Agora, quando você tem um conjunto de objetos e quer saber sua numerosidade exata (em oposição a uma sensação geral de muito ou pouco), você recita o poema, voltando sua atenção para cada objeto em sincronia com a tônica do poema. Quando você diz "um", olha para um dos objetos (ou o toca); quando você diz "dois", olha para outro objeto, e assim por diante. Conforme você percorre os objetos, e o poema, toma cuidado para não focalizar o mesmo objeto duas vezes e para não deixar nenhum de fora. Quando chega ao último objeto, a palavra que você acaba de recitar (por exemplo, "nove") é a numerosidade do conjunto.
McEwan - Essa é a regra...
Pinker - Essa é a regra. É o algoritmo. Mas não é a mesma coisa que a faculdade numérica com que nascemos.
McEwan - Você disse que a maioria de nós tem a oportunidade de criar uma palavra, pelo menos uma vez na vida --dar nome a uma criança. E aqui topamos com um certo paradoxo, porque, quando o fazemos, temos a ilusão de estarmos simplesmente escolhendo um nome que nos agrada. Então descobrimos que fazemos parte de uma comunidade de pessoas que fizeram escolhas semelhantes, pessoas cujas escolhas, cedo ou tarde, vão parecer curiosamente datadas. Agora você se situou numa nação virtual de Steves, Steve Jones, Stephen Hawking, Steven Rose --eles se perfilam até o horizonte. Poderia refletir para nós sobre o que esse nomear nos revela a respeito de nós mesmos? E sobre essa aparente liberdade e ausência de liberdade?
Pinker - Sim, esse desconcertante constrangimento de nossa sensação de livre-arbítrio.
Freqüentemente se vêem pais que dizem "demos a nossa filhinha o nome de Madeline porque minha mulher tinha uma tia-avó que amava, chamada Madeline, e achamos que seria um nome singular". Então, vão à creche e descobrem que há três outras madelines ali.
Boa parte das hipóteses traçadas por pessoas que explicam por que nomes entram e saem de moda pode ser desmentida quando se analisam os dados cronológicos sobre o aumento e a queda na popularidade de nomes.
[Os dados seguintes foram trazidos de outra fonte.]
Lemma wr_mulV : left_inverse wr_one wr_inv wr_mul.
Proof.
move=> [f x]; rewrite /wr_mul /wr_act /wr_one /wr_inv /=; congr (_, _); last first.
  by rewrite mulVg.
by apply/ffunP => b; rewrite !ffunE /= invgK mulVg.
Qed.

HB.instance Definition _ :=
  Finite_isGroup.Build wreath_type wr_mulA wr_mul1 wr_mulV.

End Wreath.

Section WreathSet.
Variables (gT hT : finGroupType).
Definition wreath (A : {set gT}) (B : {set hT}) : {set wreath_type gT hT} :=
  [set u : wreath_type gT hT |
     [forall b, if b \in B then u.1 b \in A else u.1 b == 1%g] && (u.2 \in B)].
End WreathSet.

Definition avg_order (R : numFieldType) (gT : finGroupType) (G : {set gT}) : R :=
  (\sum_(g in G) (#[g]%g)%:R) / (#|G|)%:R.

Definition s_count (gT : finGroupType) (A : {set gT}) (m : nat) : nat :=
  #|[set g in A | (g ^+ m == 1)%g]|.

Definition d_count (gT : finGroupType) (B : {set gT}) (n : nat) : nat :=
  #|[set g in B | #[g]%g == n]|.

From HB Require Import structures.
From mathcomp Require Import all_classical all_reals.
From mathcomp Require Import all_boot all_order all_algebra all_fingroup all_solvable.
From mathcomp Require Import zify ring lra.

(* Write u = (f, x) in A wr B.  Then u ^+ #[x] = (g, 1), where g b is the product of f along
   the <[x]>-orbit of b, so #[u] = #[x] * #[(g, 1)].  As A has exponent p ^ d, #[(g, 1)] is
   p ^ d unless g ^+ p ^ (d - 1) = 1, in which case it lies in [1, p ^ (d - 1)]; so up to an
   error of #[x] * p ^ (d - 1), #[u] depends only on whether g ^+ p ^ (d - 1) = 1.  The values
   of g along one coset of <[x]> are conjugate, and overwriting f by g on a transversal of
   these cosets is a bijection of the base group, so exactly s ^ r * |A| ^ (|B| - r) of the f
   satisfy g ^+ p ^ (d - 1) = 1, where s = s_(p ^ (d - 1)) and r = |B : <[x]>|.  Averaging over
   u and grouping the x in B by their order gives the main term, with total error at most
   p ^ (d - 1) * a(B). *)

Set Implicit Arguments.
Unset Strict Implicit.
Unset Printing Implicit Defensive.

Import Order.TTheory GRing.Theory Num.Theory.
É fácil fazê-lo nos EUA porque a administração da seguridade social publica um banco de dados com todos os nomes que constam de seus registros, praticamente exaustivos desde a década de 1890. É possível passar muito tempo traçando o gráfico da ascensão e queda de seu nome favorito. Não sei se existe um banco de dados semelhante no Reino Unido.
A hipótese é que os nomes refletem tendências sociais. A razão pela qual houve uma alta nos nomes bíblicos nos anos 1970 e 1980 --Adam, Joshua, Sarah, Rachel-- teria sido a curva ascendente dos sentimentos religiosos. Mas não é verdade: no momento em que os nomes bíblicos estavam em ascensão, a observância religiosa estava caindo. Ou então as crianças recebem os nomes de celebridades reais ou fictícias, personagens de telenovelas, atrizes, cantores pop e assim por diante. Novamente, parece haver poucas ocasiões em que isso acontece. De acordo com meu colega Stanley Lieberson, que estuda essas coisas, o nome Darrin tornou-se muito popular no Reino Unido após a comédia "A Feiticeira" [o marido de Samantha tinha esse nome no idioma original], que foi importada no Reino Unido. Na maioria dos casos, porém, o nome do personagem da telenovela é escolhido na esteira de seu aumento de popularidade entre os pais, logo, ele reflete uma tendência, e não a provoca.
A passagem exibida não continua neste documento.